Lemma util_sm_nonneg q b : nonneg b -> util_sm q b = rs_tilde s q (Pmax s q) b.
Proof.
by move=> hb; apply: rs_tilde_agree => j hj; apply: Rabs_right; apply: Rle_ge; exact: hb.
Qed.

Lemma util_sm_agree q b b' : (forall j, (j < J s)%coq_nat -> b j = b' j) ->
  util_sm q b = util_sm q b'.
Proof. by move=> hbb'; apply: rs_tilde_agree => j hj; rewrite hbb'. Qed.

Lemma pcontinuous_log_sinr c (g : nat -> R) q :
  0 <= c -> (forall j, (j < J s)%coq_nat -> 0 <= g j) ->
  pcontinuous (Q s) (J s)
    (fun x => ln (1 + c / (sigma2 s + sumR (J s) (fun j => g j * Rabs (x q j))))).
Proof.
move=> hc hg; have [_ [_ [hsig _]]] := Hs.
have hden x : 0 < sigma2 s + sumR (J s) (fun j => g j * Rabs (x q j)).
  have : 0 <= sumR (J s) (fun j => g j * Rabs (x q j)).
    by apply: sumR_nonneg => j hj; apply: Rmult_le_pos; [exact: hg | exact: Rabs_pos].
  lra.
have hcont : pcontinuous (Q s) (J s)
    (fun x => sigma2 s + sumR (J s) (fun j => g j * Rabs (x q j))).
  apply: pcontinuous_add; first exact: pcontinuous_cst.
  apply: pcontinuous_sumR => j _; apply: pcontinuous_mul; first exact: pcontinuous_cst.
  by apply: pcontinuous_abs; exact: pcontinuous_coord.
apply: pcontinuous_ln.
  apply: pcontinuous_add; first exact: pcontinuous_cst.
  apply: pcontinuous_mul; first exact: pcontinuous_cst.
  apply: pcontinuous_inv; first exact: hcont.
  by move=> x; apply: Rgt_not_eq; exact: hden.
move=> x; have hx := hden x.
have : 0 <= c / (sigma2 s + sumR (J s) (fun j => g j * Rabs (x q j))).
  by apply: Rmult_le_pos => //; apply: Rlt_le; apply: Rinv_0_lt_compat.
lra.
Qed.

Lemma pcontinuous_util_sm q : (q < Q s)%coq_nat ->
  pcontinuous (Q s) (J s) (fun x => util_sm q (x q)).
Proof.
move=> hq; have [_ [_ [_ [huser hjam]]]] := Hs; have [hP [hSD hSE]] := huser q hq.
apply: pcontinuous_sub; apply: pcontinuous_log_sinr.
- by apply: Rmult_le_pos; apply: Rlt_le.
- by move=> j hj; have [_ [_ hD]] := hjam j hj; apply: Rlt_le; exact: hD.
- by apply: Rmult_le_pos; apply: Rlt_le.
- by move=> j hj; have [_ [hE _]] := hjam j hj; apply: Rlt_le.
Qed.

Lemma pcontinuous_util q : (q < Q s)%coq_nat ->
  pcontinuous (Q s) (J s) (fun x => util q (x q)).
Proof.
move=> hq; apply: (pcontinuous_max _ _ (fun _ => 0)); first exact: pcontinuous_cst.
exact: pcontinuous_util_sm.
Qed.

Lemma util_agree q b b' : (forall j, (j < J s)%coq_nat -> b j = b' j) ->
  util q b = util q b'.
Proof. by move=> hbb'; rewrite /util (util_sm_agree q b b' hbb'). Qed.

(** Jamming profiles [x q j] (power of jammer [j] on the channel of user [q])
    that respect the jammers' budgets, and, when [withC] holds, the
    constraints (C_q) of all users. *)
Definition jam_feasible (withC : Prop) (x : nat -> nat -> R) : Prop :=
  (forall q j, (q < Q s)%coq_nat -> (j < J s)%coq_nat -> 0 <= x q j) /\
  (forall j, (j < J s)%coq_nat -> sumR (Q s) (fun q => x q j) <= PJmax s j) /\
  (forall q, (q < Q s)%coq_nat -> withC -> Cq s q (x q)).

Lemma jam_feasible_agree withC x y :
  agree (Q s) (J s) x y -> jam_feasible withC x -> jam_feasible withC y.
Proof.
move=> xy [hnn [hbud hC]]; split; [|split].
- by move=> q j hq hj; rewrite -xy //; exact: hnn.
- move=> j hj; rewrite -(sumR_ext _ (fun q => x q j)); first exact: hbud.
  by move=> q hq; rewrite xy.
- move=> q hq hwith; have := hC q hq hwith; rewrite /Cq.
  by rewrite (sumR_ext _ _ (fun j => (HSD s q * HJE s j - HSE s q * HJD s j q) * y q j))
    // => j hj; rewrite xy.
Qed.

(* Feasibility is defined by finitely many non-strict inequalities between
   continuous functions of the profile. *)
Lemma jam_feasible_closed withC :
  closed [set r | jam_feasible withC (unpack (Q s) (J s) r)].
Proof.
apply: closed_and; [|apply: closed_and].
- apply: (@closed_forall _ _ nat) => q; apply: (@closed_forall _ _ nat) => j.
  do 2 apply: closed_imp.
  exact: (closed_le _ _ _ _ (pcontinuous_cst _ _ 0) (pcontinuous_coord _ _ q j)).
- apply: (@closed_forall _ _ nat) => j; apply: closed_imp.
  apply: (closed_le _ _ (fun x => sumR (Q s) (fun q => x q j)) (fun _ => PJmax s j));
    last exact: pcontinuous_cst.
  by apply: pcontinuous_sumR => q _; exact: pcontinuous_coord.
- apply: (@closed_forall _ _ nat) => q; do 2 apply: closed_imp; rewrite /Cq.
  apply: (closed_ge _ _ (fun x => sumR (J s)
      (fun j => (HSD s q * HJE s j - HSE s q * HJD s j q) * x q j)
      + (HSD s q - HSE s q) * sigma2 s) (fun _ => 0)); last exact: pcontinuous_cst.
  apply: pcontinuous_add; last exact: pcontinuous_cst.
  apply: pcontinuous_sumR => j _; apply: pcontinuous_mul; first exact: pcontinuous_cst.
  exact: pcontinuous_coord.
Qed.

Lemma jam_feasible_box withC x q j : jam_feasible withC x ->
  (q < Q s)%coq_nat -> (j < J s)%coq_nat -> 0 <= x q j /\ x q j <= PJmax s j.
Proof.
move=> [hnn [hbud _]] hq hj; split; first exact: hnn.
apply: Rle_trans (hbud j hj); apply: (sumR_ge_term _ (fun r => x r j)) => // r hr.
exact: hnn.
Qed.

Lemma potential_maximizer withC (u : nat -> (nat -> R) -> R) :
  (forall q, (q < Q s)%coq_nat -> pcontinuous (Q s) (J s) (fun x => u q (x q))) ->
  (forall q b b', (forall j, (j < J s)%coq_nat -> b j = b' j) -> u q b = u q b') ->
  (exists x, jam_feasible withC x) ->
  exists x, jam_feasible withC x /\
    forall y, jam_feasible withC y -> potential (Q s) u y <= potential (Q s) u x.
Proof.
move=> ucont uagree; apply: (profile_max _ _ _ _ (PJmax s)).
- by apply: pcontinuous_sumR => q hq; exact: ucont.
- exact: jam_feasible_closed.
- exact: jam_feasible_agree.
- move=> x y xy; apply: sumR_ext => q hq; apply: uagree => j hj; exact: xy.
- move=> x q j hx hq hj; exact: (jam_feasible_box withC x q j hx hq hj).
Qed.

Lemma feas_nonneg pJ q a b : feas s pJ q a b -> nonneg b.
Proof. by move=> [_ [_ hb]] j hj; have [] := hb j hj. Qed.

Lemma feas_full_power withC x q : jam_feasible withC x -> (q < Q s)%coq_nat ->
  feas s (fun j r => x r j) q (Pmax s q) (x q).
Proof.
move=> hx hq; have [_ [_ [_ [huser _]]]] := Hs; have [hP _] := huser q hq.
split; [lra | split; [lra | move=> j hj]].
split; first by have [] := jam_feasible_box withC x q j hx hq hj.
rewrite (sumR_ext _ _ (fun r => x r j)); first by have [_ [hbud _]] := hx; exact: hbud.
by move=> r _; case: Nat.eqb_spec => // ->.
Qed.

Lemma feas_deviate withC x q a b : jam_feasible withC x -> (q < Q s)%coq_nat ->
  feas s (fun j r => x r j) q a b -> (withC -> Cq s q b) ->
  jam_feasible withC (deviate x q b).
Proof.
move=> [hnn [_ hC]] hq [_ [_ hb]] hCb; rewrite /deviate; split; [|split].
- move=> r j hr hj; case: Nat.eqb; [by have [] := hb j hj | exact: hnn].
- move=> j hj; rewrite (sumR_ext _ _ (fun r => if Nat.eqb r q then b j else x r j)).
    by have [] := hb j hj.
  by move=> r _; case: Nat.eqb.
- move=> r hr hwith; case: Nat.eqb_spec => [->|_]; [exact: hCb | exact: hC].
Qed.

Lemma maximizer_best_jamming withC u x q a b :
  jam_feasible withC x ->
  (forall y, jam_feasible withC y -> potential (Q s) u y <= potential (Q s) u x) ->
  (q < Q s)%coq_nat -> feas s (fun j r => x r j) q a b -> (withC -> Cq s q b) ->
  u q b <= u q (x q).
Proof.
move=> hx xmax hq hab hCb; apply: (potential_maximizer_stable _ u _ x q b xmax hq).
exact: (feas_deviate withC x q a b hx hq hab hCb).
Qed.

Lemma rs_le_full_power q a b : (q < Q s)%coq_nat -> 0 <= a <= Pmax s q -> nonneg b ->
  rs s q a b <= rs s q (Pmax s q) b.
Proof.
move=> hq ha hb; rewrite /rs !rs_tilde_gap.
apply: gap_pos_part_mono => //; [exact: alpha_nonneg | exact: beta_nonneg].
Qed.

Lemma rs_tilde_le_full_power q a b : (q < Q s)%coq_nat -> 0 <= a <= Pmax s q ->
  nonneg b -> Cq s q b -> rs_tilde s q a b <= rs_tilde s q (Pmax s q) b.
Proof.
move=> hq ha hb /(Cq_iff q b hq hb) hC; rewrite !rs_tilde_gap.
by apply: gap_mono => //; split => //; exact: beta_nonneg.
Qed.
::::::::
What you need to do |
Could you print exactly the lines from the one containing "Lemma maximizer_best_jamming withC" through the last line of the records above?

Result of the exercise |
Lemma maximizer_best_jamming withC u x q a b :
  jam_feasible withC x ->
  (forall y, jam_feasible withC y -> potential (Q s) u y <= potential (Q s) u x) ->
  (q < Q s)%coq_nat -> feas s (fun j r => x r j) q a b -> (withC -> Cq s q b) ->
  u q b <= u q (x q).
Proof.
move=> hx xmax hq hab hCb; apply: (potential_maximizer_stable _ u _ x q b xmax hq).
exact: (feas_deviate withC x q a b hx hq hab hCb).
Qed.

Lemma rs_le_full_power q a b : (q < Q s)%coq_nat -> 0 <= a <= Pmax s q -> nonneg b ->
  rs s q a b <= rs s q (Pmax s q) b.
Proof.
move=> hq ha hb; rewrite /rs !rs_tilde_gap.
apply: gap_pos_part_mono => //; [exact: alpha_nonneg | exact: beta_nonneg].
Qed.

Lemma rs_tilde_le_full_power q a b : (q < Q s)%coq_nat -> 0 <= a <= Pmax s q ->
  nonneg b -> Cq s q b -> rs_tilde s q a b <= rs_tilde s q (Pmax s q) b.
Proof.
move=> hq ha hb /(Cq_iff q b hq hb) hC; rewrite !rs_tilde_gap.
by apply: gap_mono => //; split => //; exact: beta_nonneg.
Qed.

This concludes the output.